INPUT DATA:
(* The sum of column [m+1] of [A], given the sums [s j] of its columns [j <= m]. *)
Definition col_sum_next (w : C) (m : nat) (s : nat -> C) : C :=
  let s1 j := delta0 j + s j in
  / (1 + Cnat (S m) ^ 2 * w) *
  (conv s1 (conv s1 s1) m
   - w * (conv s (sdelta (sdelta s)) (S m) - conv (sdelta s) (sdelta s) (S m))).

Section FormalSolution.
Variable A : bser.
Hypothesis HA : formally_solves A.

Local Notation A1 := (badd bone A).

Lemma formally_solves_at k n :
  bz (bmul A1 (bmul A1 A1)) k n - A k n =
  bw (bsub (bmul A1 (bdelta (bdelta A))) (bmul (bdelta A) (bdelta A))) k n.
Proof. exact (f_equal (fun F => F k n) HA). Qed.

Lemma formal_solution_col0 k : A k 0%nat = 0.
Proof.
  pose proof (formally_solves_at k 0) as E. unfold bz, bw, bsub in E.
  replace (A k 0%nat) with (- (0 - A k 0%nat)) by ring. rewrite E.
  destruct k; simpl; [ring|].
  rewrite !bmul_col0 by apply bdelta_col0. ring.
Qed.

Lemma formal_solution_col_succ m k :
  A k (S m) =
  (bmul A1 (bmul A1 A1) k m
   - shift (fun k' => bmul A (bdelta (bdelta A)) k' (S m) - bmul (bdelta A) (bdelta A) k' (S m)) k)
  + (- Cnat (S m) ^ 2) * shift (col A (S m)) k.
Proof.
  pose proof (formally_solves_at k (S m)) as E. unfold bz, bw, bsub in E.
  replace (A k (S m)) with (bmul A1 (bmul A1 A1) k m - (bmul A1 (bmul A1 A1) k m - A k (S m)))
    by ring.
  rewrite E. destruct k as [|k]; simpl; [ring|].
  rewrite (bmul_plus_l bone A (bdelta (bdelta A))), bmul_bone_l. unfold col, bdelta at 1 2. ring.
Qed.

Lemma is_gseries_col_succ (w : C) (m : nat) (s : nat -> C) :
  s 0%nat = 0 -> (Cmod (Cnat (S m) ^ 2 * w) < 1)%R ->
  (forall j, (1 <= j <= m)%nat -> is_gseries w (col A j) (s j)) ->
  is_gseries w (col A (S m)) (col_sum_next w m s).
Proof.
  intros Hs0 Hw Hs.
  assert (HA1 : forall j, (j <= m)%nat -> is_gseries w (col A1 j) (delta0 j + s j)).
  { intros j Hj. apply (is_gseries_plus w (col bone j) (col A j)); [apply is_gseries_col_bone|].
    destruct j as [|j]; [|apply Hs; lia]. rewrite Hs0.
    eapply is_gseries_ext; [|apply is_gseries_zero].
    intro k. symmetry. apply formal_solution_col0. }
  assert (HDA : forall j, (1 <= j <= m)%nat -> is_gseries w (col (bdelta A) j) (sdelta s j))
    by (intros; apply is_gseries_col_bdelta, Hs; lia).
  assert (HDDA : forall j, (1 <= j <= m)%nat ->
                   is_gseries w (col (bdelta (bdelta A)) j) (sdelta (sdelta s) j))
    by (intros; apply is_gseries_col_bdelta, HDA; lia).
  assert (HA1sq : forall j, (j <= m)%nat -> is_gseries w (col (bmul A1 A1) j)
                     (conv (fun i => delta0 i + s i) (fun i => delta0 i + s i) j))
    by (intros; apply is_gseries_bmul; intros; apply HA1; lia).
  pose proof (is_gseries_bmul w _ _ _ _ m HA1 HA1sq) as Hcube.
  pose proof (is_gseries_bmul_succ w _ _ _ _ m formal_solution_col0 (bdelta_col0 _) Hs0
    (sdelta_0 _) Hs HDDA) as H1.
  pose proof (is_gseries_bmul_succ w _ _ _ _ m (bdelta_col0 _) (bdelta_col0 _) (sdelta_0 _)
    (sdelta_0 _) HDA HDA) as H2.
  eapply is_gseries_eq.
  - eapply (is_gseries_affine_rec w (- Cnat (S m) ^ 2)).
    + replace (- Cnat (S m) ^ 2 * w) with (- (Cnat (S m) ^ 2 * w)) by ring.
      now rewrite Cmod_opp.
    + exact (is_gseries_minus w _ _ _ _ Hcube
               (is_gseries_shift w _ _ (is_gseries_minus w _ _ _ _ H1 H2))).
    + intro k. apply formal_solution_col_succ.
  - unfold col_sum_next. f_equal. f_equal. ring.
Qed.
End FormalSolution.

(** * The recursion defining u *)

Definition pair_sum (t : nat -> C) (N m : nat) : C :=
  csum (fun j1 => csum (fun j2 =>
    if (1 <=? j1) && (1 <=? j2) && Nat.eqb (j1 + j2) m then t j1 * t j2 else 0) N) N.

Definition triple_sum (t : nat -> C) (N m : nat) : C :=
  csum (fun j1 => csum (fun j2 => csum (fun j3 =>
    if (1 <=? j1) && (1 <=? j2) && (1 <=? j3) && Nat.eqb (j1 + j2 + j3) m
    then t j1 * t j2 * t j3 else 0) N) N) N.

Definition defect_sum (t : nat -> C) (n : nat) : C :=
  csum (fun j =>
    if (1 <=? j) && (2 * j <? n)%nat then Cnat (n - 2 * j) ^ 2 * t j * t (n - j)%nat else 0) n.

Lemma u_step_unfold n t a : u_step n t a =
  if Nat.eqb n 1 then 1 / (a ^ 2 + 1)
  else (3 * t (n - 1)%nat + 3 * pair_sum t n (n - 1) + triple_sum t n (n - 1) - defect_sum t n)
       / (a ^ 2 + Cnat n ^ 2).
Proof. reflexivity. Qed.

Section ScaledSums.
Variables (x : C) (t s : nat -> C) (M : nat).
Hypothesis Hs0 : s 0%nat = 0.
Hypothesis Hst : forall j, (1 <= j <= M)%nat -> s j = t j * x ^ j.

Lemma pair_term_scaled m j1 j2 : (m <= M)%nat ->
  x ^ m * (if (1 <=? j1) && (1 <=? j2) && Nat.eqb (j1 + j2) m then t j1 * t j2 else 0)
  = if Nat.eqb (j1 + j2) m then s j1 * s j2 else 0.
Proof.
  intro Hm. destruct (Nat.eqb_spec (j1 + j2) m) as [<-|]; [|rewrite Bool.andb_false_r; ring].
  rewrite Bool.andb_true_r.
  destruct j1 as [|j1]; [simpl; rewrite Hs0; ring|].
  destruct j2 as [|j2]; [simpl; rewrite Hs0; ring|].
  rewrite Cpow_add_r, !Hst by lia. simpl. ring.
Qed.

Lemma pair_sum_scaled N m : (m <= M)%nat -> (m < N)%nat -> x ^ m * pair_sum t N m = conv s s m.
Proof.
  intros Hm HN. unfold pair_sum, conv. rewrite <- csum_mult_l.
  rewrite <- (csum_antidiag (fun j1 j2 => s j1 * s j2) m N HN).
  apply csum_ext. intros j1 _. rewrite <- csum_mult_l.
  apply csum_ext. intros j2 _. now apply pair_term_scaled.
Qed.

Lemma triple_term_scaled m j1 j2 j3 : (j1 <= m <= M)%nat ->
  x ^ m * (if (1 <=? j1) && (1 <=? j2) && (1 <=? j3) && Nat.eqb (j1 + j2 + j3) m
           then t j1 * t j2 * t j3 else 0)
  = s j1 * (x ^ (m - j1) * (if (1 <=? j2) && (1 <=? j3) && Nat.eqb (j2 + j3) (m - j1)
                            then t j2 * t j3 else 0)).
Proof.
  intro Hm. destruct j1 as [|j1]; [simpl; rewrite Hs0; ring|].
  rewrite Hst by lia. replace (x ^ m) with (x ^ S j1 * x ^ (m - S j1))
    by (rewrite <- Cpow_add_r; f_equal; lia).
  replace (Nat.eqb (S j1 + j2 + j3) m) with (Nat.eqb (j2 + j3) (m - S j1))
    by (destruct (Nat.eqb_spec (j2 + j3) (m - S j1)), (Nat.eqb_spec (S j1 + j2 + j3) m);
        easy || lia).
  simpl. destruct (_ && _ && _); ring.
Qed.

Lemma triple_sum_scaled m : (m <= M)%nat -> x ^ m * triple_sum t (S m) m = conv s (conv s s) m.
Proof.
  intro Hm. unfold triple_sum, conv at 1. rewrite <- csum_mult_l. apply csum_ext. intros j1 Hj1.
  rewrite <- (pair_sum_scaled (S m) (m - j1)) by lia. unfold pair_sum.
  rewrite <- !csum_mult_l. apply csum_ext. intros j2 _.
  rewrite <- !csum_mult_l. apply csum_ext. intros j3 _.
  apply triple_term_scaled. lia.
Qed.
End ScaledSums.

Lemma Cnat_sub a b : (b <= a)%nat -> Cnat (a - b) = Cnat a - Cnat b.
Proof. intro H. unfold Cnat. rewrite minus_INR by exact H. apply RtoC_minus. Qed.

Section DefectSum.
Variables (x : C) (t s : nat -> C) (m : nat).
Hypothesis Hs0 : s 0%nat = 0.
Hypothesis Hst : forall j, (1 <= j <= m)%nat -> s j = t j * x ^ j.

Let sym_term (j : nat) : C := s j * s (S m - j)%nat * (Cnat (S m - j) - Cnat j) ^ 2.

Lemma defect_conv_sym :
  2 * (conv s (sdelta (sdelta s)) (S m) - conv (sdelta s) (sdelta s) (S m))
  = csum sym_term (S (S m)).
Proof.
  set (half := fun j => s j * s (S m - j)%nat *
                 (Cnat (S m - j) * Cnat (S m - j) - Cnat j * Cnat (S m - j))).
  assert (Hhalf : conv s (sdelta (sdelta s)) (S m) - conv (sdelta s) (sdelta s) (S m)
                  = csum half (S (S m))).
  { unfold conv, sdelta. rewrite <- csum_sub. apply csum_ext. intros j _. unfold half. ring. }
  rewrite Hhalf. transitivity (csum half (S (S m)) + csum (fun j => half (S m - j)%nat) (S (S m))).
  - rewrite csum_rev. ring.
  - rewrite <- csum_add. apply csum_ext. intros j Hj. unfold half, sym_term.
    replace (S m - (S m - j))%nat with j by lia. ring.
Qed.

Lemma defect_sum_scaled_half :
  x ^ S m * defect_sum t (S m)
  = csum (fun j => if Nat.ltb (2 * j) (S m) then sym_term j else 0) (S (S m)).
Proof.
  rewrite csum_S. unfold defect_sum. rewrite <- csum_mult_l.
  destruct (Nat.ltb_spec (2 * S m) (S m)) as [|_]; [lia|]. rewrite Cplus_0_r.
  apply csum_ext. intros j Hj. destruct j as [|j]; [unfold sym_term; rewrite Hs0; simpl; ring|].
  simpl (1 <=? S j). rewrite Bool.andb_true_l.
  destruct (Nat.ltb_spec (2 * S j) (S m)); [|ring].
  unfold sym_term. rewrite !Hst by lia.
  replace (S m - 2 * S j)%nat with ((S m - S j) - S j)%nat by lia.
  rewrite Cnat_sub by lia.
  replace (x ^ S m) with (x ^ S j * x ^ (S m - S j)) by (rewrite <- Cpow_add_r; f_equal; lia).
  ring.
Qed.

Lemma defect_sum_scaled :
  conv s (sdelta (sdelta s)) (S m) - conv (sdelta s) (sdelta s) (S m)
  = x ^ S m * defect_sum t (S m).
Proof.
  assert (H2 : RtoC 2 <> 0) by (intro H; apply RtoC_inj in H; lra).
  transitivity (2 * (conv s (sdelta (sdelta s)) (S m) - conv (sdelta s) (sdelta s) (S m)) / 2);
    [field; exact H2|].
  rewrite defect_conv_sym, csum_symmetric_half, <- defect_sum_scaled_half; [field; exact H2|..].
  - intros j Hj. unfold sym_term. replace (S m - (S m - j))%nat with j by lia. ring.
  - intros j Hj. unfold sym_term. replace (S m - j)%nat with j by lia. ring.
Qed.
End DefectSum.

Lemma conv_cube (s : nat -> C) m :
  conv (fun j => delta0 j + s j) (conv (fun j => delta0 j + s j) (fun j => delta0 j + s j)) m
  = delta0 m + 3 * s m + 3 * conv s s m + conv s (conv s s) m.
Proof.
  assert (Hsq : forall j, conv (fun j => delta0 j + s j) (fun j => delta0 j + s j) j
                          = delta0 j + (2 * s j + conv s s j)).
  { intro j. rewrite conv_plus_l, conv_delta0_l, conv_plus_r, conv_delta0_r. ring. }
  rewrite (conv_ext_r _ _ _ _ (fun j _ => Hsq j)).
  rewrite conv_plus_l, conv_delta0_l, !conv_plus_r, conv_delta0_r, conv_scal_r. ring.
Qed.

Lemma u_S (a : C) (m : nat) : u (S m) a = u_step (S m) (u_table m a) a.
Proof.
  unfold u. change (u_table (S m) a (S m))
    with (if S m <=? m then u_table m a (S m) else u_step (S m) (u_table m a) a).
  now rewrite (proj2 (Nat.leb_gt _ _) (Nat.lt_succ_diag_r m)).
Qed.

Lemma u_table_spec (a : C) (m j : nat) : (1 <= j <= m)%nat -> u_table m a j = u j a.
Proof.
  induction m as [|m IHm]; intro Hj; [lia|]. simpl.
  destruct (Nat.leb_spec j m); [apply IHm; lia|].
  replace j with (S m) by lia. symmetry. apply u_S.
Qed.

Lemma col_sum_next_u (a : C) (m : nat) : a <> 0 -> a ^ 2 + Cnat (S m) ^ 2 <> 0 ->
  col_sum_next (/ a ^ 2) m (fun j => u j a * a ^ (2 * j)) = u (S m) a * a ^ (2 * S m).
Proof.
  intros Ha Han. set (x := a ^ 2). set (t := u_table m a). set (s := fun j => u j a * a ^ (2 * j)).
  assert (Hs0 : s 0%nat = 0) by (unfold s, u; simpl; ring).
  assert (Hst : forall j, (1 <= j <= m)%nat -> s j = t j * x ^ j)
    by (intros j Hj; unfold s, t, x; rewrite u_table_spec, Cpow_mult_r by exact Hj; easy).
  unfold col_sum_next. rewrite conv_cube, (defect_sum_scaled x t s m Hs0 Hst).
  rewrite u_S, u_step_unfold, Cpow_mult_r. fold x t.
  destruct m as [|m].
  - unfold conv, defect_sum, delta0, Cnat in *. simpl in *. rewrite Hs0.
    unfold x. field. split; [|exact Ha]. intro H. apply Han. rewrite <- H. ring.
  - simpl Nat.eqb. cbv iota. replace (S (S m) - 1)%nat with (S m) by lia.
    rewrite <- (pair_sum_scaled x t s (S m) Hs0 Hst (S (S m)) (S m)) by lia.
    rewrite <- (triple_sum_scaled x t s (S m) Hs0 Hst (S m)) by lia.
    rewrite (Hst (S m)) by lia. unfold delta0. simpl Nat.eqb. cbv iota.
    change (x ^ S (S m)) with (x * x ^ S m). generalize (x ^ S m). intro P.
    unfold x. field. split; [|exact Ha]. intro H. apply Han. rewrite <- H. ring.
Qed.

Lemma Cmod_Cnat n : Cmod (Cnat n) = INR n.
Proof. unfold Cnat. rewrite Cmod_R. apply Rabs_pos_eq, pos_INR. Qed.

Section LargeModulus.
Variables (a : C) (n : nat).
Hypothesis Ha : (INR n < Cmod a)%R.

Lemma Cmod_gt_INR_neq0 : a <> 0.
Proof. intros ->. rewrite Cmod_0 in Ha. pose proof (pos_INR n). lra. Qed.

Lemma Cnat_sq_div_Cmod_lt_1 : (Cmod (Cnat n ^ 2 * / a ^ 2) < 1)%R.
Proof.
  pose proof (pos_INR n). pose proof Cmod_gt_INR_neq0.
  rewrite Cmod_mult, Cmod_inv, !Cmod_pow, Cmod_Cnat by (apply Cpow_nz; assumption).
  apply (Rmult_lt_reg_r (Cmod a ^ 2)); [apply pow_lt, Cmod_gt_0; assumption|].
  rewrite Rmult_assoc, Rinv_l, Rmult_1_r, Rmult_1_l by (apply pow_nonzero; lra).
  simpl. nra.
Qed.

Lemma sq_plus_Cnat_sq_neq0 : a ^ 2 + Cnat n ^ 2 <> 0.
Proof.
  intro H. apply (Rlt_irrefl 1).
  rewrite <- Cmod_1 at 1. eapply Rle_lt_trans; [|exact Cnat_sq_div_Cmod_lt_1]. right.
  pose proof Cmod_gt_INR_neq0 as Ha0.
  replace (Cnat n ^ 2 * / a ^ 2) with ((a ^ 2 + Cnat n ^ 2) / a ^ 2 - 1) by (field; exact Ha0).
  rewrite H. replace (0 / a ^ 2 - 1) with (- (1)) by (field; exact Ha0).
  now rewrite Cmod_opp.
Qed.
End LargeModulus.

Lemma is_gseries_col_u (A : bser) (a : C) (n : nat) : formally_solves A -> (1 <= n)%nat ->
  (INR n < Cmod a)%R -> is_gseries (/ a ^ 2) (col A n) (u n a * a ^ (2 * n)).
Proof.
  intro HA. induction n as [n IH] using lt_wf_ind. intros Hn Ha.
  destruct n as [|m]; [lia|].
  rewrite <- col_sum_next_u
    by first [exact (Cmod_gt_INR_neq0 _ _ Ha) | exact (sq_plus_Cnat_sq_neq0 _ _ Ha)].
  apply is_gseries_col_succ;
    [exact HA | unfold u; simpl; ring | exact (Cnat_sq_div_Cmod_lt_1 _ _ Ha)|].
  intros j Hj. apply IH; [lia | lia|].
  eapply Rle_lt_trans; [apply le_INR | exact Ha]. lia.
Qed.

THE TASK: Lines from the first one above through the line containing "(conv s1 (conv s1 s1) m" are to be retyped exactly, both included, and nothing more.

ANSWER TO THIS EXERCISE:
(* The sum of column [m+1] of [A], given the sums [s j] of its columns [j <= m]. *)
Definition col_sum_next (w : C) (m : nat) (s : nat -> C) : C :=
  let s1 j := delta0 j + s j in
  / (1 + Cnat (S m) ^ 2 * w) *
  (conv s1 (conv s1 s1) m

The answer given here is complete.